─── Source material ───

Lemma exists_in_band x : exists m D, in_band x m D.
Proof.
pose S := \sum_i `|x i 0|; exists (- S), (S + S) => i.
have : `|x i 0| <= S.
  by rewrite /S (bigD1 i) //= lerDl; apply: sumr_ge0.
by rewrite ler_norml => /andP[? ?]; apply/andP; split; lra.
Qed.

Lemma mulmx_AsubE s y i :
  (Asub A s *m y) i 0 = if i \in s then \sum_l A i l * y l 0 else y i 0.
Proof.
rewrite mxE; case: ifP => iS.
  by apply: eq_bigr => l _; rewrite mxE iS.
rewrite (bigD1 i) //= !mxE iS eqxx mul1r big1 ?addr0 // => l li.
by rewrite mxE iS eq_sym (negbTE li) mul0r.
Qed.

Hypothesis A_ge0 : forall i j, 0 <= A i j.
Hypothesis A_sum1 : forall i, \sum_(j < N) A i j = 1.

Lemma entry_le1 i j : A i j <= 1.
Proof. by rewrite -(A_sum1 i) (bigD1 j) //= lerDl sumr_ge0. Qed.

Lemma in_band_convex y m D i : in_band y m D ->
  m <= \sum_l A i l * y l 0 <= m + D.
Proof.
move=> y_band; apply/andP; split.
  rewrite -[m]mul1r -(A_sum1 i) mulr_suml; apply: ler_sum => l _.
  by apply: ler_wpM2l => //; case/andP: (y_band l).
rewrite -[m + D]mul1r -(A_sum1 i) mulr_suml; apply: ler_sum => l _.
by apply: ler_wpM2l => //; case/andP: (y_band l).
Qed.

Lemma in_band_Asub s y m D : in_band y m D -> in_band (Asub A s *m y) m D.
Proof.
move=> y_band i; rewrite mulmx_AsubE.
by case: ifP => _; [apply: in_band_convex|].
Qed.

Lemma in_band_evolve g k n x m D : in_band x m D ->
  in_band (evolve g k n x) m D.
Proof. by move=> x_band; elim: n => //= n IH; apply: in_band_Asub. Qed.

Lemma contractsD g k n1 n2 c1 c2 : contracts g k n1 c1 ->
  contracts g (k + n1) n2 c2 -> contracts g k (n1 + n2) (c2 * c1).
Proof.
move=> c1_contr c2_contr x m D x_band; have [m1 band1] := c1_contr x m D x_band.
by have [m2 band2] := c2_contr _ _ _ band1; exists m2; rewrite evolveD -mulrA.
Qed.

Lemma eq_contracts g g' k n c :
  (forall i, (k <= i < k + n)%N -> g' i = g i) ->
  contracts g k n c -> contracts g' k n c.
Proof.
move=> gg' g_contr x m D x_band; have [m' band'] := g_contr x m D x_band.
by exists m'; rewrite (eq_evolve _ gg').
Qed.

───

§ **Activity**
The records above are to be output in full and without error.

§ **Written solution**
Lemma exists_in_band x : exists m D, in_band x m D.
Proof.
pose S := \sum_i `|x i 0|; exists (- S), (S + S) => i.
have : `|x i 0| <= S.
  by rewrite /S (bigD1 i) //= lerDl; apply: sumr_ge0.
by rewrite ler_norml => /andP[? ?]; apply/andP; split; lra.
Qed.

Lemma mulmx_AsubE s y i :
  (Asub A s *m y) i 0 = if i \in s then \sum_l A i l * y l 0 else y i 0.
Proof.
rewrite mxE; case: ifP => iS.
  by apply: eq_bigr => l _; rewrite mxE iS.
rewrite (bigD1 i) //= !mxE iS eqxx mul1r big1 ?addr0 // => l li.
by rewrite mxE iS eq_sym (negbTE li) mul0r.
Qed.

Hypothesis A_ge0 : forall i j, 0 <= A i j.
Hypothesis A_sum1 : forall i, \sum_(j < N) A i j = 1.

Lemma entry_le1 i j : A i j <= 1.
Proof. by rewrite -(A_sum1 i) (bigD1 j) //= lerDl sumr_ge0. Qed.

Lemma in_band_convex y m D i : in_band y m D ->
  m <= \sum_l A i l * y l 0 <= m + D.
Proof.
move=> y_band; apply/andP; split.
  rewrite -[m]mul1r -(A_sum1 i) mulr_suml; apply: ler_sum => l _.
  by apply: ler_wpM2l => //; case/andP: (y_band l).
rewrite -[m + D]mul1r -(A_sum1 i) mulr_suml; apply: ler_sum => l _.
by apply: ler_wpM2l => //; case/andP: (y_band l).
Qed.

Lemma in_band_Asub s y m D : in_band y m D -> in_band (Asub A s *m y) m D.
Proof.
move=> y_band i; rewrite mulmx_AsubE.
by case: ifP => _; [apply: in_band_convex|].
Qed.

Lemma in_band_evolve g k n x m D : in_band x m D ->
  in_band (evolve g k n x) m D.
Proof. by move=> x_band; elim: n => //= n IH; apply: in_band_Asub. Qed.

Lemma contractsD g k n1 n2 c1 c2 : contracts g k n1 c1 ->
  contracts g (k + n1) n2 c2 -> contracts g k (n1 + n2) (c2 * c1).
Proof.
move=> c1_contr c2_contr x m D x_band; have [m1 band1] := c1_contr x m D x_band.
by have [m2 band2] := c2_contr _ _ _ band1; exists m2; rewrite evolveD -mulrA.
Qed.

Lemma eq_contracts g g' k n c :
  (forall i, (k <= i < k + n)%N -> g' i = g i) ->
  contracts g k n c -> contracts g' k n c.
Proof.
move=> gg' g_contr x m D x_band; have [m' band'] := g_contr x m D x_band.
by exists m'; rewrite (eq_evolve _ gg').
Qed.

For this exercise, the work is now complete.